Глава 17.
Яркие всплески краски, чужая боль и переживания, вылепленные в масляных мазках, смотрели на Чарльза со стен выставки с целью вдохновить, радовать глаз. Его собственные картины занимали свои почетные места под лёгкой подсветкой, будто крича: "здесь твое место, Чарльз". Здесь – то, чего он всегда желал: искреннее признание, глубоко задумчивые взгляды критиков, едва слышный шепот публики. Но среди этого искусства, среди шипящего шампанского и ярких софитов, в нем ныла тупая тоска, которая грубо вытеснила обычное тщеславие.
Чарльз давно участвует в выставках. Уже и не знает, то ли родители оплачивали его присутствие здесь, то ли интерес к его работам действительно существует. Раньше это не имело значения: всё равно было приятно, всё равно раздувало самолюбие. Сейчас же, терпеливо кивая и позволяя хвалить себя, в голове свербит мысль о том, что никто из этих разодетых зевак, рассматривающих его работы, не может понять истинный смысл – они видят только то, что удобно. Но внутри, там, где рвётся сердце, саднит глубокая обида, изо дня в день нагнаиваясь все сильнее.
Чарльз Грэнтэм не отвечает на вопросы, которые ему задают. То ли не слышит, то ли усердно делает вид, что это его не касается. Парень сам похож на восковую фигуру: стоит подле стены, держа в руках бокал с шампанским, и смотрит под ноги, глубоко забурившись в собственные мысли. Золото переливалось в стекле, жемчужный смех дам и сухие замечания критиков вплетались в гул зала, но всё это скользило мимо.
И все же мысли упрямо увиливали от живописи к ним. К Монтэгю и Фролло.
Чарльз сам не понимал, почему они засели в голове так глубоко. Теодор никогда ничего не стоил: отстранённый, молчаливый, почти жалкий. Всегда рядом, но никогда вместе. Держаться "элиты" было выгодно, и он держался, но не более того. Их уважали, их боялись, их всегда приглашали. Только вот эта его надменность, показная "взрослость" всегда отталкивала Чарльза, не позволяя приблизиться по-настоящему. Стать другом не по расчёту, а по желанию.
Но с появлением Лиэрин Монтэгю изменился. Отрицал, что смотрит, не заступался, мог и сам усмехнуться вслед, а потом вдруг оказался рядом. Нашёл общий язык с этой вечно торопящейся, порывистой, сентиментальной и до невозможности невыносимой француженкой. И ей, кажется, плевать, что он был среди тех, кто смеялся, пусть и в стороне.
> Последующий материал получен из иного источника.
(* r_C(S) = min_t (#{x in S | x < t} + #{c in C | c >= t}).  A basis B <= C has at
   most as many elements as C in the rows >= t, which gives "<=" for every t;
   conversely a set that C dominates row-wise in this sense extends to a basis.
   The entries of the filling form a subset of S matched injectively to boxes of C
   in rows at least as large, so |F| <= r_C(S).  For the reverse inequality take t
   one past the last empty box of C: all boxes of C in rows >= t are filled, and
   every x in S with x < t was placed in a row < t, since an entry only ever skips
   filled boxes. *)

From mathcomp Require Import all_boot zify.
Set Implicit Arguments. Unset Strict Implicit. Unset Printing Implicit Defensive.

Definition geq_set n (t : nat) : {set 'I_n} := [set x : 'I_n | t <= x].

Definition dominated n (T C : {set 'I_n}) : Prop :=
  forall t, #|T :&: geq_set n t| <= #|C :&: geq_set n t|.

Lemma card_geq_set_count n (A : {set 'I_n}) t :
  #|A :&: geq_set n t| = count (leq t) (sorted_elems A).
Proof.
rewrite /sorted_elems (permP (permEl (perm_sort leq _))) count_map.
rewrite cardE /enum_mem size_filter count_filter.
by apply: eq_count => x /=; rewrite !inE andbC.
Qed.

Lemma size_sorted_elems n (A : {set 'I_n}) : size (sorted_elems A) = #|A|.
Proof. by rewrite /sorted_elems size_sort size_map cardE. Qed.

Lemma sorted_elems_sorted n (A : {set 'I_n}) : sorted leq (sorted_elems A).
Proof. exact: (sort_sorted leq_total). Qed.

Lemma all2_leq_count (s s' : seq nat) t :
  all2 leq s s' -> count (leq t) s <= count (leq t) s'.
Proof.
elim: s s' => [|a s IHs] [|b s'] //= /andP [le_ab /IHs le_ss'].
apply: leq_add le_ss'; case: (leqP t a) => // le_ta.
by rewrite (leq_trans le_ta le_ab).
Qed.

Lemma count_leq_all2 (s s' : seq nat) :
  sorted leq s -> sorted leq s' -> size s = size s' ->
  (forall t, count (leq t) s <= count (leq t) s') -> all2 leq s s'.
Proof.
elim: s s' => [|a s IHs] [|b s'] //= path_s path_s' [size_ss'] le_count.
have count_s : count (leq a) s = size s.
  by apply/eqP; rewrite -all_count; apply: (order_path_min leq_trans).
have s'_ge_b : all (leq b) s' by apply: (order_path_min leq_trans).
have le_ab : a <= b.
  have := le_count a; rewrite /= leqnn count_s size_ss'.
  by case: (leqP a b) => // _; rewrite ltnNge count_size.
rewrite le_ab /=; apply: (IHs _ (path_sorted path_s) (path_sorted path_s') size_ss').
move=> t; case: (leqP t b) => [le_tb | lt_bt].
  have s'_ge_t : all (leq t) s' by apply/allP => x /(allP s'_ge_b); apply: leq_trans.
  by move: s'_ge_t; rewrite all_count => /eqP ->; rewrite -size_ss' count_size.
by have := le_count t; rewrite /= (leqNgt t b) lt_bt (leqNgt t a) (leq_ltn_trans le_ab lt_bt).
Qed.

Lemma gale_leP n (B C : {set 'I_n}) :
  gale_le B C <-> #|B| = #|C| /\ dominated B C.
Proof.
split=> [/andP [/eqP cardBC le_BC] | [cardBC domBC]].
  by split=> // t; rewrite !card_geq_set_count; apply: all2_leq_count.
rewrite /gale_le cardBC eqxx; apply: count_leq_all2;
  rewrite ?sorted_elems_sorted ?size_sorted_elems // => t.
by rewrite -!card_geq_set_count.
Qed.

Lemma schubert_rank_le_split n (C S : {set 'I_n}) t :
  schubert_rank C S <= #|S :\: geq_set n t| + #|C :&: geq_set n t|.
Proof.
apply/bigmax_leqP => B /gale_leP [_ domBC].
apply: (leq_trans _ (leq_add (leqnn _) (domBC t))).
apply: (leq_trans _ (leq_card_setU _ _)); apply: subset_leq_card.
by apply/subsetP => x; rewrite !inE => /andP [-> ->]; case: (t <= x).
Qed.

Lemma discrete_ivt (f : nat -> nat) k N :
  f 0 <= k <= f N -> (forall s, f s.+1 <= (f s).+1) -> exists2 s, s <= N & f s = k.
Proof.
move=> /andP [le_f0k le_kfN] card_B_step; elim: N le_kfN => [|N IHN] le_kfN.
  by exists 0 => //; apply/eqP; rewrite eqn_leq le_f0k le_kfN.
case: (leqP k (f N)) => [/IHN [s le_sN <-] | lt_fNk]; first by exists s => //; apply: leqW.
by exists N.+1 => //; apply/eqP; rewrite eqn_leq le_kfN (leq_trans (card_B_step N)).
Qed.

(* A dominated set is completed to a basis by adding an initial segment [0, s) of
   the right size; such an s exists since adding one row at a time raises the size
   by at most one. *)
Lemma dominated_extend n (T C : {set 'I_n}) :
  dominated T C -> exists2 B : {set 'I_n}, T \subset B & gale_le B C.
Proof.
move=> domTC; pose B (s : nat) : {set 'I_n} := T :|: ~: geq_set n s.
have card_B0 : #|B 0| <= #|C|.
  have geq0 : geq_set n 0 = setT by apply/setP => x; rewrite !inE.
  by have := domTC 0; rewrite /B geq0 !setIT setCT setU0.
have card_Bn : #|C| <= #|B n|.
  by apply: subset_leq_card; apply/subsetP => x _; rewrite !inE -ltnNge ltn_ord orbT.
have card_B_step s : #|B s.+1| <= #|B s|.+1.
  have row_s : #|[set x : 'I_n | val x == s]| <= 1.
    by apply/card_le1_eqP => x y; rewrite !inE => /eqP xs /eqP ys; apply: val_inj; rewrite xs ys.
  apply: (@leq_trans (#|B s| + #|[set x : 'I_n | val x == s]|)); last by rewrite -addn1 leq_add2l.
  apply: leq_trans (leq_card_setU _ _); apply: subset_leq_card; apply/subsetP => x.
  by rewrite !inE -!ltnNge ltnS leq_eqVlt => /orP [->|/orP [->|->]]; rewrite ?orbT.
case: (discrete_ivt (f := fun s => #|B s|) (k := #|C|) (N := n)) => //.
  by rewrite card_B0 card_Bn.
move=> s _ cardB; exists (B s); first exact: subsetUl.
apply/gale_leP; split=> // t; case: (leqP s t) => [le_st | lt_ts].
  apply: leq_trans (domTC t); apply: subset_leq_card; apply/subsetP => x.
  rewrite !inE -ltnNge => /andP [/orP [-> -> // | lt_xs le_tx]].
  by have := leq_trans le_st le_tx; rewrite leqNgt lt_xs.
have eB := cardsID (geq_set n t) (B s); have eC := cardsID (geq_set n t) C.
have : #|C :\: geq_set n t| <= #|B s :\: geq_set n t|.
  apply: subset_leq_card; apply/subsetP => x; rewrite !inE -!ltnNge => /andP [lt_xt _].
  by rewrite lt_xt (ltn_trans lt_xt lt_ts) orbT.
lia.
Qed.

Lemma schubert_rank_ge_matching n (C S U : {set 'I_n}) (g : 'I_n -> 'I_n) :
  U \subset C -> {in U &, injective g} -> g @: U \subset S ->
  (forall i, i \in U -> g i <= i) -> #|U| <= schubert_rank C S.
Proof.
move=> sUC g_inj sgUS le_g.
have domT : dominated (g @: U) C.
  move=> t; apply: (leq_trans _ (subset_leq_card (setSI _ sUC))).
  apply: leq_trans (leq_imset_card g _); apply: subset_leq_card; apply/subsetP => x.
  rewrite !inE => /andP [/imsetP [i iU ->] le_tg]; apply/imsetP; exists i => //.
  by rewrite !inE iU (leq_trans le_tg (le_g i iU)).
have [B sTB baseB] := dominated_extend domT.
rewrite -(card_in_imset g_inj); apply: (leq_trans _ (@leq_bigmax_cond _ (schubert_basis C) (fun B => #|S :&: B|) B baseB)).
by apply: subset_leq_card; rewrite subsetI sgUS sTB.
Qed.

Section FillStep.
Variables (n : nat) (C : {set 'I_n}).
Implicit Types (F : filling_type n) (p : seq 'I_n).

Variant target_box_spec F (y : 'I_n) : option 'I_n -> Prop :=
| TargetBox i of i \in C & F i = None & y <= i
    & (forall j, j \in C -> F j = None -> y <= j -> i <= j) :
    target_box_spec F y (Some i)
| NoTargetBox of (forall j, j \in C -> y <= j -> F j != None) :
    target_box_spec F y None.

Lemma target_boxP F y : target_box_spec F y (target_box C F y).
Proof.
rewrite /target_box; case: pickP => [i /and4P [iC /eqP Fi le_yi /forallP i_min] | no_box].
  by apply: TargetBox => // j jC Fj le_yj; have := i_min j; rewrite jC Fj le_yj.
apply: NoTargetBox => j jC le_yj; apply/negP => /eqP Fj.
pose empty_box k := [&& k \in C, F k == None & y <= k].
have empty_j : empty_box j by rewrite /empty_box jC Fj eqxx.
have [k /and3P [kC Fk le_yk] k_min] := arg_minnP val empty_j.
have := no_box k; rewrite kC Fk le_yk /=; move/negbT/negP; apply.
by apply/forallP => l; apply/implyP => /andP [/andP [lC Fl] le_yl]; apply: k_min; rewrite /empty_box lC Fl.
Qed.

Record filling_inv p F : Prop := FillingInv {
  filled_inj : forall i j x, F i = Some x -> F j = Some x -> i = j;
  filled_sub : forall i x, F i = Some x -> [/\ x <= i, x \in p & i \in C];
  unplaced_blocked : forall x, x \in p -> (forall i, F i != Some x) ->
    forall c, c \in C -> x <= c -> F c != None;
  skipped_filled : forall b x c, F b = Some x -> c \in C -> x <= c -> c < b -> F c != None
}.

Lemma filling_inv_nil : filling_inv [::] (empty_filling n).
Proof. by split=> // [i j x | i x | b x c]; rewrite ffunE. Qed.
И от этого ребра сдавливала глухая боль: деньги, связи, выставки — всё пустое, если нужную руку протянул другой. А про Чарльза забыли. Сначала игнорировали насмешки, потом не заметили, как он "исправился". Цветы летели в мусорку, вежливость разбивалась о холодный взгляд её голубых глаз, от которого хотелось плотнее закутаться в шарф.
Кулак сжался так, что костяшки побелели. В груди копошилось мерзкое, липкое чувство, которое он ненавидел в себе. Ревность. Злость. Зависть. Всё сразу. Сколько бы он ни твердил, что ему плевать, одно воспоминание о её взгляде – и всё рушилось.
— Мистер Грэнтэм, ваши работы – смело, экспрессивно, — чей-то лощеный голос перебил наваждение. Чарльз повернулся, натянул безупречную улыбку, кивнул, сказал что-то уклончивое. Но мысли всё равно утекали туда, далеко за эти стены, к школе, к её холодным глазам и к фигуре, которая стояла рядом с ней. Монтэгю, чертов сукин сын, который раньше не стоил ничего, не сильно отличался от тени на стене, теперь занимал собой все пространство. И размышления об этом разрастались, как тоненькая, почти невидимая трещина на стекле, но с каждой секундой стекло хрустело все громче. Мир вокруг продолжал искриться и гудеть, а внутри зияла дыра, из которой наружу рвались злость и тоска. Он едва не раздавил бокал в руке, представив, как легко хрупкий кристалл может лопнуть, разлететься осколками – точно так же, как разлетелось его ощущение власти над ситуацией.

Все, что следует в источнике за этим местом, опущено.